--- PROVIDED INFORMATION Enclosed Below ---
Lemma scaled_fs_mean_le_forward (lam s0 : R) : 0 <= lam -> 0 <= avg N x0 ->
  0 <= s0 -> lam * e s0 <= z s0 -> forall t, s0 <= t <= T -> lam * e t <= z t.
Proof.
move=> lam_ge0 m0_ge0 s0_ge0 le_s0 t /andP[s0t tT].
have scaled_e u : lam * e u = fs_mean N (lam * avg N x0) u by rewrite /fs_mean mulrA.
pose phi s := - saturation N a s * z s - (- (N%:R)^-1 * fs_mean N (lam * avg N x0) s).
have gap_eq u : 0 <= u <= T -> mu.-integrable `[0, u] (EFin \o phi) /\
    z u - lam * e u = avg N x0 - lam * avg N x0 + \int[mu]_(s in `[0, u]) phi s.
  move=> uT; have [iz z_eq] := traj_mean_integral uT.
  have [ie e_eq] := fs_mean_integral N (lam * avg N x0) (proj1 (andP uT)).
  split; first exact: (integrableB _ iz ie).
  by rewrite RintegralB // scaled_e z_eq e_eq; ring.
have s0T : 0 <= s0 <= T by rewrite s0_ge0 (le_trans s0t tT).
have tT' : 0 <= t <= T by rewrite (le_trans s0_ge0 s0t) tT.
have T_ge0 : 0 <= T by case/andP: tT' => t0 /(le_trans t0).
rewrite -subr_ge0 (gap_eq t tT').2.
apply: (Rintegral_nonneg_forward (c := saturation N a) (gap_eq T _).1 _ _ s0_ge0);
  rewrite ?s0t ?lexx ?T_ge0 //.
- by move=> s /saturation_bounds /andP[].
- move=> s sT; rewrite -(gap_eq s sT).2 /phi scaled_e.
  have /andP[_ sat_le] := saturation_bounds sT.
  have e_ge0 : 0 <= fs_mean N (lam * avg N x0) s.
    by apply: mulr_ge0; [exact: mulr_ge0|exact: expR_ge0].
  have : 0 <= fs_mean N (lam * avg N x0) s * ((N%:R)^-1 - saturation N a s).
    by rewrite mulr_ge0 // subr_ge0.
  move: (saturation N a s) (z s) (fs_mean _ _ s) => c zs es; lra.
- by rewrite -(gap_eq s0 s0T).2 subr_ge0.
Qed.

Lemma traj_mean0 : 0 <= T -> z 0 = avg N x0.
Proof.
move=> T_ge0.
by rewrite (traj_mean_integral (t := 0) _).2 ?lexx ?T_ge0 // set_itv1 Rintegral_set1 addr0.
Qed.

Lemma fs_mean_le_traj_mean t : 0 <= avg N x0 -> 0 <= t <= T -> e t <= z t.
Proof.
move=> m0_ge0 /andP[t_ge0 tT].
rewrite -[e t]mul1r; apply: (scaled_fs_mean_le_forward ler01 m0_ge0 (lexx 0)).
  by rewrite mul1r traj_mean0 ?(le_trans t_ge0 tT) // /fs_mean mulr0 expR0 mulr1.
by rewrite tT t_ge0.
Qed.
--- End of Enclosed PROVIDED INFORMATION ---
:: EXERCISE REQUIREMENTS ::
Starting at the line with "rewrite -[e t]mul1r;", retype each line through the final one in the data above, unchanged and with nothing added.

:: ANSWER TO THIS EXERCISE ::
rewrite -[e t]mul1r; apply: (scaled_fs_mean_le_forward ler01 m0_ge0 (lexx 0)).
  by rewrite mul1r traj_mean0 ?(le_trans t_ge0 tT) // /fs_mean mulr0 expR0 mulr1.
by rewrite tT t_ge0.
Qed.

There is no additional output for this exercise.